« Pourquoi la démocratie a besoin de la religion » c’est le titre du dernier livre d’Hartmut Rosa qui reprend les propos d’une conférence « donnée à une Rencontre diocésaine de Würzburg en 2022 ».
Il a d’abord le grand avantage de résumer les deux thèses principales de l’auteur développées depuis une vingtaine d’année dans plusieurs ouvrages :
- Notre société est entrée dans un mouvement d’accélération permanente, ce que l’auteur appelle « l’immobilité fulgurante » ou son préfacier Charles Taylor « la stabilisation dynamique », qui s’autoentretient, mais n’est pas (plus) tenable : « Nous dansons de plus en plus vite, simplement pour rester en place ». La traduction économique en est la croissance, dont le diagnostic de l’auteur a l’avantage de nous rappeler qu’en termes mathématiques elle ne s’assimile pas à une vitesse (si nous avancions à la même vitesse la croissance serait égale à zéro) mais à une accélération (ce qu’on appelle la dérivé seconde, et l’on sait qu’on ne peut pas accélérer indéfiniment). Il s’agit au sens le plus profond du terme d’une forme d’aliénation : « L’aliénation par rapport au monde et l’aliénation par rapport à soi ne sont pas deux choses séparées mais simplement les deux faces de la même pièce. Elle persiste lorsque les « axes de résonance » entre l’être et le monde deviennent silencieux. »
- « Si le problème est l’accélération, alors la résonance est peut-être la solution ». Pour arrêter cette accélération mortifère il fait l’hypothèse qu’il nous faut (re)développer la résonance avec le monde et en soi-même.
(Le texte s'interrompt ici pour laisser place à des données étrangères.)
Section IndependentEvents.
Context d (T : measurableType d) (R : realType) (P : probability T R).
Context (K : nat) (A : 'I_K -> set T) (x : 'I_K -> R).
Hypothesis indepA : mutually_independent_events P A.
Hypothesis PA : forall k, P (A k) = (x k)%:E.

Let mA : forall k, measurable (A k) := indepA.1.

Definition hit_miss (J N : {set 'I_K}) : set T :=
  \bigcap_(k in [set` J]) A k `&` \bigcap_(k in [set` N]) ~` A k.

Lemma measurable_hit_miss (J N : {set 'I_K}) : measurable (hit_miss J N).
Proof.
by apply: measurableI; apply: fin_bigcap_measurable => // k _; exact/measurableC.
Qed.

Lemma hit_missD1 (J N : {set 'I_K}) k : k \in N ->
  hit_miss J N = hit_miss J (N :\ k) `\` A k.
Proof.
move=> Nk; apply/seteqP; split => t /=.
- move=> [tJ tN]; split; last exact: tN.
  by split=> // i /=; rewrite in_setD1 => /andP[_ Ni]; exact: tN.
- move=> [[tJ tN] tk]; split=> // i /= Ni.
  have [->|ik] := eqVneq i k; first exact: tk.
  by apply: tN; rewrite /= in_setD1 ik.
Qed.

Lemma hit_missI (J N : {set 'I_K}) k :
  hit_miss J N `&` A k = hit_miss (k |: J)%SET N.
Proof.
apply/seteqP; split => t /=.
- move=> [[tJ tN] tk]; split=> // i /=; rewrite in_setU1 => /orP[/eqP->|] //.
  exact: tJ.
- move=> [tJ tN]; split; last by apply: tJ; rewrite /= setU11.
  by split=> // i /= Ji; apply: tJ; rewrite /= in_setU1 Ji orbT.
Qed.

Lemma prob_hit_miss (J N : {set 'I_K}) : {in N, forall k, k \notin J} ->
  P (hit_miss J N) = (\prod_(k in J) x k * \prod_(k in N) (1 - x k))%:E.
Proof.
move: {2}#|N| (erefl #|N|) => n; elim: n J N => [|n IH] J N.
- move=> /eqP; rewrite cards_eq0 => /eqP-> _.
  rewrite /hit_miss big_set0 mulr1.
  have -> : [set` finset.set0] = @set0 'I_K by apply/seteqP; split=> k //=; rewrite inE.
  by rewrite bigcap_set0 setIT indepA.2 (eq_bigr _ (fun k _ => PA k)) prodEFin.
- move=> cardN NJ; have /card_gt0P[k Nk] : (0 < #|N|)%N by rewrite cardN.
  have cardNk : #|N :\ k| = n by move: cardN; rewrite (cardsD1 k N) Nk => -[].
  have NkJ : {in N :\ k, forall i, i \notin J}.
    by move=> i; rewrite in_setD1 => /andP[_]; exact: NJ.
  have NkkJ : {in N :\ k, forall i, i \notin k |: J}.
    by move=> i; rewrite in_setD1 in_setU1 negb_or => /andP[-> /NJ].
  (* P(E \ A_k) = P(E) - P(E & A_k), and both events on the right avoid one event less. *)
  rewrite (hit_missD1 _ Nk) measureD //; last 2 first.
  - exact: measurable_hit_miss.
  - by rewrite ltey_eq fin_num_measure //; exact: measurable_hit_miss.
  rewrite hit_missI /= IH // IH // -EFinB (big_setU1 _ (NJ k Nk)) (big_setD1 k Nk) /=.
  by congr EFin; ring.
Qed.

Definition hit_pattern (t : T) : {ffun 'I_K -> bool} := [ffun k => `[< A k t >]].

Lemma hit_pattern_preimage1 w :
  hit_pattern @^-1` [set w] = hit_miss [set k | w k] [set k | ~~ w k].
Proof.
apply/seteqP; split => t /=.
- move=> <-; split=> k /=; rewrite inE ffunE ?asboolE //.
  by move/asboolPn.
- move=> [tw tnw]; apply/ffunP => k; rewrite ffunE.
  case wk: (w k); first by apply/asboolP; apply: tw; rewrite /= inE wk.
  by apply/asboolPn; apply: tnw; rewrite /= inE wk.
Qed.

Lemma prob_hit_pattern1 w : P (hit_pattern @^-1` [set w]) = (\prod_(k < K) bern (x k) (w k))%:E.
Proof.
rewrite hit_pattern_preimage1 prob_hit_miss; last first.
  by move=> k; rewrite !inE.
congr EFin; rewrite [RHS](bigID (fun k => w k)) /=.
by congr (_ * _); apply: eq_big => k; rewrite inE //; case: (w k).
Qed.

Lemma prob_hit_pattern (Q : pred {ffun 'I_K -> bool}) :
  P (hit_pattern @^-1` [set w | Q w]) = (\sum_(w | Q w) \prod_(k < K) bern (x k) (w k))%:E.
Proof.
have -> : hit_pattern @^-1` [set w | Q w] = \bigcup_(w in [set` Q]) hit_pattern @^-1` [set w].
  by apply/seteqP; split => t /=; [exists (hit_pattern t) | move=> [w Qw /= ->]].
rewrite measure_fin_bigcup //; last 2 first.
- by move=> w v _ _ [t [/= <- <-]].
- by move=> w _; rewrite hit_pattern_preimage1; exact: measurable_hit_miss.
rewrite -sumEFin (bigfs _ (index_enum_uniq _)); last by move=> w _; rewrite mem_index_enum.
by apply: eq_fsbigr => w _ /=; rewrite prob_hit_pattern1.
Qed.

Lemma prob_leaf_count (Q : pred nat) :
  P [set t | Q (leaf_count A t)] = (bern_count_prob x Q)%:E.
Proof.
have count_hit_pattern t : (\sum_(k < K) hit_pattern t k)%N = leaf_count A t.
  by apply: eq_bigr => k _; rewrite ffunE.
rewrite -prob_hit_pattern; congr (P _); apply/seteqP; split => t /=; by rewrite count_hit_pattern.
Qed.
Deux thèses qu’il applique aux deux pôles de sa réflexion :
- La démocratie d’abord : c’est de cette résonance, plus que de décroissance ou même de décélération dont a besoin la démocratie, « le credo de notre société », mais qui « exige des voix, des oreilles et des cœurs qui écoutent ».
- La religion, ensuite : et je dois dire qu’en revanche je n’ai pas été totalement convaincu quand il répond oui à « la question de savoir si la société d’aujourd’hui a encore besoin de l’Eglise ou de la religion« . Certes « la religion est une force (qui) dispose d’un réservoir d’idées et d’un arsenal de rituels, avec ses chants, ses gestes, ses espaces, ses traditions et ses pratiques appropriées, qui permettent de sentir et de donner du sens à ce que veut dire être appelé, se laisser transformer, être en résonance. » Mais n’est-ce pas l’objectif des religions que d’enfermer dans des rites et des dogmes une résonnance « par nature indisponible ».
Pour moi ce qu’il vise par le terme « religion », ou « Eglise », c’est ce que je préfère appeler « spiritualité » et que Charles Taylor appelle dans sa préface en visant tant les croyants que les incroyants, « l’ouverture à l’interpellation, dans l’expérience de la résonance ».